Edge-emitting Semiconductor Lasers
Semiconductor lasers can be grouped into two classes:
- Edge-emitting lasers (also called in-plane lasers), where the laser light propagates in a direction along the wafer surface of the semiconductor chip, from which the laser is made. The light is usually reflected or coupled out at a cleaved edge.
- Surface-emitting lasers, where the light propagates in the direction perpendicular to the semiconductor wafer surface.

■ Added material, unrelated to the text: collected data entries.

Lemma pullback_coboundary Fb G : Fb \in faces K n.+1 -> G \in faces L n ->
  \sum_(F in faces K n | F \subset Fb) orient_sgn R F Fb * pullback_coef F G =
  if G \subset phi @: Fb then relabel_sgn R phi Fb * orient_sgn R G (phi @: Fb) else 0.
Proof.
rewrite in_faces => /andP[FbK /eqP cardFb] GnL.
have injFb := covering_inj coverK FbK.
have [sGFb | nsGFb] := boolP (G \subset phi @: Fb); last first.
  apply: big1 => F /andP[_ sFFb]; rewrite /pullback_coef.
  case: eqP => [phiF | _]; last by rewrite mulr0.
  by rewrite -phiF (imsetS _ sFFb) in nsGFb.
have [F0 F0nK [sF0Fb phiF0]] := lift_subface complexK coverK FbK GnL sGFb.
rewrite (bigD1 F0) /=; last by rewrite F0nK.
rewrite big1 ?addr0 => [|F /andP[/andP[_ sFFb] neqFF0]]; last first.
  rewrite /pullback_coef; case: eqP => [phiF | _]; rewrite ?mulr0 //.
  by case/eqP: neqFF0; apply: (imset_inj_subset_eq injFb sFFb sF0Fb); rewrite phiF phiF0.
have cardF0 : #|Fb| = #|F0|.+1 by move: F0nK; rewrite in_faces cardFb => /andP[_ /eqP ->].
rewrite /pullback_coef phiF0 eqxx (orient_sgn_imset _ injFb sF0Fb cardF0) phiF0.
by rewrite [LHS]mulrC !mulrA relabel_sgn_sq mul1r.
Qed.

Lemma sum_cofaces_imset m F (f : {set W} -> R) : F \in faces K m ->
  \sum_(Fb in cofaces K m F) f (phi @: Fb) = \sum_(Gb in cofaces L m (phi @: F)) f Gb.
Proof.
move=> FmK; rewrite -(imset_cofaces coverK) // big_imset //.
exact: (cofaces_imset_inj coverK FmK).
Qed.

Lemma pullback_mx_free : row_free pullback_mx^T.
Proof.
pose lift G := odflt set0 [pick F in faces K n | phi @: F == G].
have liftP G : G \in faces L n -> lift G \in faces K n /\ phi @: lift G = G.
  move=> GnL; rewrite /lift; case: pickP => [F /andP[FnK /eqP] | noF] //=.
  have [F FnK phiF] := lift_face coverK GnL.
  by have := noF F; rewrite FnK phiF eqxx.
apply/row_freeP; exists (\matrix_(k, j)
  if enum_val k == lift (enum_val j) then relabel_sgn R phi (enum_val k) else 0).
apply/matrixP => j j'; rewrite !mxE; under eq_bigr do rewrite !mxE.
rewrite -(big_enum_val (A := [in faces K n]) (fun F => pullback_coef F (enum_val j) *
  (if F == lift (enum_val j') then relabel_sgn R phi F else 0))) /=.
have [liftnK phi_lift] := liftP _ (enum_valP j').
rewrite (bigD1 (lift (enum_val j'))) //= big1 ?addr0 => [|F /andP[_ /negbTE->]]; last first.
  by rewrite mulr0.
rewrite eqxx /pullback_coef phi_lift (inj_eq enum_val_inj) eq_sym.
by case: eqP => _; rewrite ?relabel_sgn_sq ?mul0r.
Qed.

Variables (wK : {set V} -> R) (wL : {set W} -> R).
Hypotheses (wK_cofaces : {in faces K n.+1, forall Fb, wK Fb = wL (phi @: Fb)})
           (wK_faces : {in faces K n, forall F, wK F = wL (phi @: F)}).

Lemma up_laplacian_coef_pullback F G : F \in faces K n -> G \in faces L n ->
  \sum_(F' in faces K n) up_laplacian_coef K n wK F F' * pullback_coef F' G =
  relabel_sgn R phi F * up_laplacian_coef L n wL (phi @: F) G.
Proof.
move=> FnK GnL.
under eq_bigr => F' _ do rewrite /up_laplacian_coef big_distrl big_mkcondr /=.
rewrite exchange_big /= [in RHS]/up_laplacian_coef big_mkcondr big_distrr /=.
rewrite -sum_cofaces_imset //; apply: eq_bigr => Fb; rewrite inE => /andP[Fbn1K sFFb].
rewrite -big_mkcondr /=.
under eq_bigr do rewrite -mulrA.
rewrite -big_distrr /= pullback_coboundary //.
case: ifP => _; last by rewrite !mulr0.
have cardFb : #|Fb| = #|F|.+1.
  by move: Fbn1K FnK; rewrite !in_faces => /andP[_ /eqP ->] /andP[_ /eqP ->].
have FbK : Fb \in K by move: Fbn1K; rewrite in_faces => /andP[].
rewrite (orient_sgn_imset _ (covering_inj coverK FbK) sFFb cardFb).
rewrite wK_cofaces // wK_faces // -[RHS]mul1r -(relabel_sgn_sq R phi Fb); ring.
Qed.

Lemma up_laplacian_pullback_mx :
  up_laplacian K n wK *m pullback_mx = pullback_mx *m up_laplacian L n wL.
Proof.
apply/matrixP => i j; rewrite !up_laplacianE !mxE.
under eq_bigr do rewrite !mxE; under [RHS]eq_bigr do rewrite !mxE.
rewrite -(big_enum_val (A := [in faces K n]) (fun F' =>
  up_laplacian_coef K n wK (enum_val i) F' * pullback_coef F' (enum_val j))) /=.
rewrite -(big_enum_val (A := [in faces L n]) (fun G =>
  pullback_coef (enum_val i) G * up_laplacian_coef L n wL G (enum_val j))) /=.
rewrite up_laplacian_coef_pullback ?enum_valP //.
rewrite (bigD1 (phi @: enum_val i)) /= ?(imset_faces coverK (enum_valP i)) //.
rewrite big1 ?addr0 => [|G /andP[_ neqG]]; first by rewrite /pullback_coef eqxx.
by rewrite /pullback_coef eq_sym (negbTE neqG) mul0r.
Qed.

Edge-emitting lasers are the original and still very widely used form of semiconductor lasers. Their resonator length is typically between a few hundred micrometers and a few millimeters. This is sufficient for reaching a high gain, so that an edge-emitting laser may lase even if the resonator losses are fairly high, e.g. when the end faces (edges) are not coated and there is only the Fresnel reflection of the semiconductor/air interfaces.
Within the edge-emitting laser structure, the laser beam is guided in a waveguide structure. Typically, one uses a double heterostructure, which restricts the generated carriers (electrons and holes) to a narrow region and at the same time serves as a waveguide for the optical field. Such an arrangement leads to a low threshold pump power and a high efficiency.
Depending on the waveguide properties, particularly its transverse dimensions, it is possible either to obtain an output with high beam quality but limited output power (some hundreds of milliwatts), or (with a broad-area laser diode) an output with high output power (tens of watts or even more than 100 W) but with poor beam quality.